In this suit, Microsoft alleged that Big Boy LLC was (Count 1) liable for infringement of Microsoft’s distribution right for the resale of Microsoft software in the U.S.; and (Count 2) liable for infringement of Microsoft’s distribution right for the importation of Microsoft’s software under 17 U.S.C. 602(a).  The Court granted summary judgment in Microsoft’s favor on both claims.

In regards to Count 1, Big Boy LLC asserted the first sale doctrine as a defense, “which holds that once a copyright owner consents to the sale of particular copy of his work, he may not thereafter interfere with subsequent sales or distribution of that particular copy.”   Microsoft contended that § 109(a) didn’t apply because, although the Student Media software at issue was copyrighted in the United States, the software was manufactured and first distributed overseas.

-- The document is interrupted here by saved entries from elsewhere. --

Lemma state_inv_step j t :
  correct n E j -> state_inv j t (state_before j t) -> state_inv j t.+1 (st E j t).
Proof.
move=> Hj Ipre; have [w Hw] := slot_runP t Hj.
set pre := state_before j t in Ipre Hw *; set post := st E j t in Hw *.
have view_pos : 0 < lv post by apply: leq_trans (inv_view Ipre) (spec_view_mono Hw).
have lift_vote b : view b < lv pre \/ view b = lv pre /\ lnot pre = Some b ->
                   view b < lv post \/ view b = lv post /\ lnot post = Some b.
  case=> [lt|[-> Hn]]; first by left; apply: leq_trans lt (spec_view_mono Hw).
  by case: (view_step Hw) => [?|[-> /(_ _ Hn) ? _]]; [left|right].
have lift_null v : v < lv pre \/ v = lv pre /\ lnull pre ->
                   v < lv post \/ v = lv post /\ lnull post.
  case=> [lt|[-> Hn]]; first by left; apply: leq_trans lt (spec_view_mono Hw).
  by case: (view_step Hw) => [?|[-> _ /(_ Hn) ?]]; [left|right].
have sent_now x t' : t' < t.+1 -> sent_at j t' x -> t' < t \/
    [\/ received pre (deliv E j t) x, exists B, x = IBlock B | own_item j pre post w x].
  rewrite ltnS leq_eqVlt => /predU1P [-> [m Hm Hx]|]; last by left.
  by right; apply: (spec_out Hw Hm Hx).
split=> //.
- move=> t' b lt_t' Hs; case: (sent_now _ _ lt_t' Hs) => [|[]].
  + by move/(inv_votes Ipre)/(_ Hs)/lift_vote.
  + move/(received_unforged Hj)/(_ Hj) => [->|[t0 lt_t0 /(inv_votes Ipre lt_t0)/lift_vote //]].
    by left.
  + by case.
  + case=> [[b' [[<-] [E4|/(spec_vote7 Hw) [_ lt _ _]]]]|[[_ //]|[_ //]]]; last by left.
    have [[_ Ev _ _] _ _ stay] := spec_vote4 Hw E4; rewrite Ev.
    by case: (view_step Hw) => [|[Eq _ _]]; [left|right; rewrite Eq stay].
- move=> t' v lt_t' Hs; case: (sent_now _ _ lt_t' Hs) => [|[]].
  + by move/(inv_nulls Ipre)/(_ Hs)/lift_null.
  + by move/(received_unforged Hj)/(_ Hj) => [t0 lt_t0 /(inv_nulls Ipre lt_t0)/lift_null].
  + by case.
  + case=> [[? [//]]|[[N5 [->]]|[N8 [->]]]]; last by right; case: (spec_null8 Hw N8).
    case: (view_step Hw) => [|[Eq _ _]]; [by left|right; split=> //].
    by have [_ -> _] := spec_stay Hw Eq; rewrite N5 orbT.
- by move=> b /(spec_pend Hw) [/(inv_pending Ipre)|HL] //; exists j, t.
- case: (spec_log Hw) => [->|[b Hb ->]]; first exact: inv_log Ipre.
  by right; exists b => //; case: Hb => [/(inv_pending Ipre)|HL] //; exists j, t.
Qed.

Lemma state_inv_before j t : correct n E j -> state_inv j t (state_before j t).
Proof.
move=> Hj; elim: t => [|t IHt]; last exact: state_inv_step.
by split=> //=; left.
Qed.

Lemma state_inv_after j t : correct n E j -> state_inv j t.+1 (st E j t).
Proof. by move=> Hj; apply: state_inv_step; last apply: state_inv_before. Qed.

Definition voted j b := exists t, sent_at j t (IVote j b).

Lemma vote_origin j t b : correct n E j -> sent_at j t (IVote j b) -> b <> Gen Tx ->
  exists2 u, u <= t &
    sent_at j u (IVote j b) /\ forall w, slot_run j u w -> vote4 w = Some b \/ vote7 w = Some b.
Proof.
move=> Hj Hs not_gen.
have [u [le_ut Hu first_u]] := ex_minimal (P := fun u => sent_at j u (IVote j b)) Hs.
exists u => //; split=> // w Hw.
have auth : authored j (IVote j b) by [].
by case: (first_sent_own Hj auth Hw Hu first_u) => [[b' [[<-]]]|[[_ //]|[_ //]]].
Qed.

Lemma new_vote_view j u w b : slot_run j u w ->
  vote4 w = Some b \/ vote7 w = Some b ->
  let pre := state_before j u in
  lv pre <= view b /\ (view b = lv pre -> lnot pre = None /\ lnull pre = false).
Proof.
move=> Hw N /=.
case: N => [/(spec_vote4 Hw) [[_ -> _ _] -> -> _]|/(spec_vote7 Hw) [_ _ le Heq]] //.
by split=> // /Heq [-> ->].
Qed.

Lemma new_vote_fresh j u w b : correct n E j -> slot_run j u w ->
  vote4 w = Some b \/ vote7 w = Some b ->
  (forall t b', t < u -> sent_at j t (IVote j b') -> view b' < view b) /\
  (forall t v, t < u -> sent_at j t (INull Tx j v) -> v < view b).
Proof.
move=> Hj Hw /(new_vote_view Hw) [le Heq]; have Ipre := state_inv_before u Hj.
split=> [t b' lt_tu /(inv_votes Ipre lt_tu)|t v lt_tu /(inv_nulls Ipre lt_tu)].
- case=> [lt|[-> Hn]]; first exact: leq_trans lt le.
  by rewrite ltn_neqAle le andbT; apply/eqP => /esym/Heq [Hn']; rewrite Hn' in Hn.
- case=> [lt|[-> Hn]]; first exact: leq_trans lt le.
  by rewrite ltn_neqAle le andbT; apply/eqP => /esym/Heq [_ Hn']; rewrite Hn' in Hn.
Qed.

Lemma voted_view_pos j b : correct n E j -> voted j b -> b <> Gen Tx -> 0 < view b.
Proof.
move=> Hj [t Hs] not_gen; have [u _ [_ Hu]] := vote_origin Hj Hs not_gen.
have [w Hw] := slot_runP u Hj.
have [le _] := new_vote_view Hw (Hu w Hw).
exact: leq_trans (inv_view (state_inv_before u Hj)) le.
Qed.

The Court found that the first sale doctrine only acts a defense to copyright claims that involve domestically made copies of U.S. copyrighted works, and not works that are manufactured overseas.  Explained the Court:

The rationale here is that the first sale doctrine protects only resales of works lawfully made “under this title,” a phrase which is generally interpreted to mean works legally made in the United States. That is, the first sale doctrine has no application to copyrighted works manufactured abroad because such works are not made “under this title.” See Parfums Givenchy, Inc. v. Drug Emporium, Inc., 38 F.3d 477, 481-92 (9th Cir.1993); Swatch SA v.. New City, Inc., 454 F.Supp.2d 1245 (S.D.Fla.2006) (Huck, J.) (because Swatch watches were manufactured and first sold abroad, defendant’s importation of watches violated Swatch’s right to prevent importation under 602(a).

Big Boy LLC further asserted that they they were not bound by the terms of Microsoft’s distribution license, because the Jordanian Ministry of Education never entered Microsoft’s licensing agreement.  The Court conducted an evaluation of the contract, finding that Big Boy was bound by the terms of the agreement.  (Somewhat surprisingly, the Court used U.S. law to evaluate the contractual defense.  I’m curious if there were choice of law provision in Microsoft’s licensing agreement with the Kingdom of Jordan.)

The Court also granted summary judgment for Microsoft in regards to their second claim, finding that the importation of the software, as an act in and of itself, infringed Microsoft’s 106(3) right via 17 U.S.C. § 602(a).

Documents:

software and technology attorneys

2 Comments

  1. Posted 20 December 2008 at 2:32 pm | Permalink

    Any Microsoft contract in Middle East contains Jursidiction for the country of contract origin. If Jordan, then Jordan law prevails. If Oman, then Oman law prevails etc

  2. Site Overlord
    Posted 24 December 2008 at 9:56 am | Permalink

    John,

    Thanks for the comment. Apparently, the attorneys for Big Boy Distribution have filed a motion to reconsider summary judgment on the grounds that the tribunal should have applied Jordanian law in their contract evaluation. I’ll continue to post updates on this case.